© 2013, IJARCSMS All Rights Reserved 163 | P a g e ISSN: 2321-7782 (Online) Volume 1, Issue 6, November 2013
International Journal of Advance Research in
Computer Science and Management Studies
Research Paper
Available online at:
www.ijarcsms.com
Factors Associated with Success and Failures in CRM
Dr. R Jayam
1J Radha
2Deputy Head & Professor Faculty of Management Studies
Dr MGR Educational & Research Institute, University Chennai - India
Research Scholar Faculty of Management Studies
Dr MGR Educational & Research Institute, University Chennai - India
Abstract: Customer relationship management (CRM) solutions have come a long way from the humble Rolodex and filing cabinet. Today, we have tools that allow marketing teams to predict when a customer is about to expect a baby based on changes in their buying patterns. We also have technologies that allow customer service teams to identify and immediately respond to customers venting on Face book about bad experiences – whether they are half way around the world or in the next suburb.

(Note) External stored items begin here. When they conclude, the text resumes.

Lemma infconv_ge_affine t l m c : 0 <= t -> 0 <= l ->
  (forall s, 0 <= s <= t -> m <= l * (P1 s + P2 (t - s)) + c) -> m <= l * infconv t + c.
Proof.
  intros Ht Hl Hm. destruct (Req_dec l 0) as [-> | Hl0].
  - pose proof (Hm t ltac:(lra)). lra.
  - assert ((m - c) / l <= infconv t).
    { apply infconv_ge; [exact Ht|]. intros s Hs.
      apply Rle_div_l; [lra|]. pose proof (Hm s Hs). lra. }
    replace m with (l * ((m - c) / l) + c) by (field; lra).
    apply Rplus_le_compat_r, Rmult_le_compat_l; lra.
Qed.

Lemma infconv_nonneg t : 0 <= t -> 0 <= infconv t.
Proof.
  intros Ht. apply infconv_ge; [exact Ht|]. intros s Hs.
  pose proof (proj1 (proj2 Y1) s ltac:(lra)).
  pose proof (proj1 (proj2 Y2) (t - s) ltac:(lra)). lra.
Qed.

Lemma infconv_le_Rmin t : 0 <= t -> infconv t <= Rmin (P1 t) (P2 t).
Proof.
  intros Ht. destruct Y1 as [P10 _], Y2 as [P20 _]. apply Rmin_glb.
  - pose proof (infconv_le t t ltac:(lra)). replace (t - t) with 0 in * by ring. lra.
  - pose proof (infconv_le t 0 ltac:(lra)). replace (t - 0) with t in * by ring. lra.
Qed.

Lemma infconv_ge_Rmin_half t : 0 <= t -> Rmin (P1 (t / 2)) (P2 (t / 2)) <= infconv t.
Proof.
  intros Ht. destruct Y1 as [_ [N1 [M1 _]]], Y2 as [_ [N2 [M2 _]]].
  apply infconv_ge; [exact Ht|]. intros s Hs.
  pose proof (Rmin_l (P1 (t / 2)) (P2 (t / 2))). pose proof (Rmin_r (P1 (t / 2)) (P2 (t / 2))).
  destruct (Rle_dec (t / 2) s).
  - pose proof (M1 (t / 2) s ltac:(lra) ltac:(lra)). pose proof (N2 (t - s) ltac:(lra)). lra.
  - pose proof (M2 (t / 2) (t - s) ltac:(lra) ltac:(lra)). pose proof (N1 s ltac:(lra)). lra.
Qed.

Lemma infconv_le_increasing s t : 0 <= s -> s <= t -> infconv s <= infconv t.
Proof.
  intros Hs Hst. destruct Y1 as [_ [N1 [M1 _]]], Y2 as [_ [N2 [M2 _]]].
  apply infconv_ge; [lra|]. intros x Hx. destruct (Rle_dec x s).
  - pose proof (infconv_le s x ltac:(lra)).
    pose proof (M2 (s - x) (t - x) ltac:(lra) ltac:(lra)). lra.
  - pose proof (infconv_le_Rmin s Hs). pose proof (Rmin_l (P1 s) (P2 s)).
    pose proof (M1 s x ltac:(lra) ltac:(lra)). pose proof (N2 (t - x) ltac:(lra)). lra.
Qed.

This is why smart businesses are using CRM solutions to cross all the different touch points of a customer, from managing new enquiries, preferences, service delivery, all the way to billing and customer support. But the maturation of CRM technologies is not without its pitfalls. As businesses have rolled out CRM solutions to support marketing, sales and customer service teams, CRM has increasingly moved into the realm of IT and further away from business decision-makers. Today, many of the conversations businesses have about CRM solutions begin and end with technology, and businesses that leave CRM in the hands of the IT department almost immediately set themselves up for failure. In this paper a brief study has been made about how CRM is used today? Why Your CRM Implementation Is Quietly Failing? Why CRM Fails — and How to Fix It, Elusive Capabilities for Developing Customer Relationships etc.,
Keywords: Customer Relationship Management.
I.INTRODUCTION
Customer relationship management (CRM) has attracted the expanded attention of practitioners and scholars. More and more companies are adopting customer-centric strategies, programs, tools, and technology for efficient and effective customer relationship management. They are realizing the need for in-depth and integrated customer knowledge in order to build close cooperative and partnering relationships with their customers.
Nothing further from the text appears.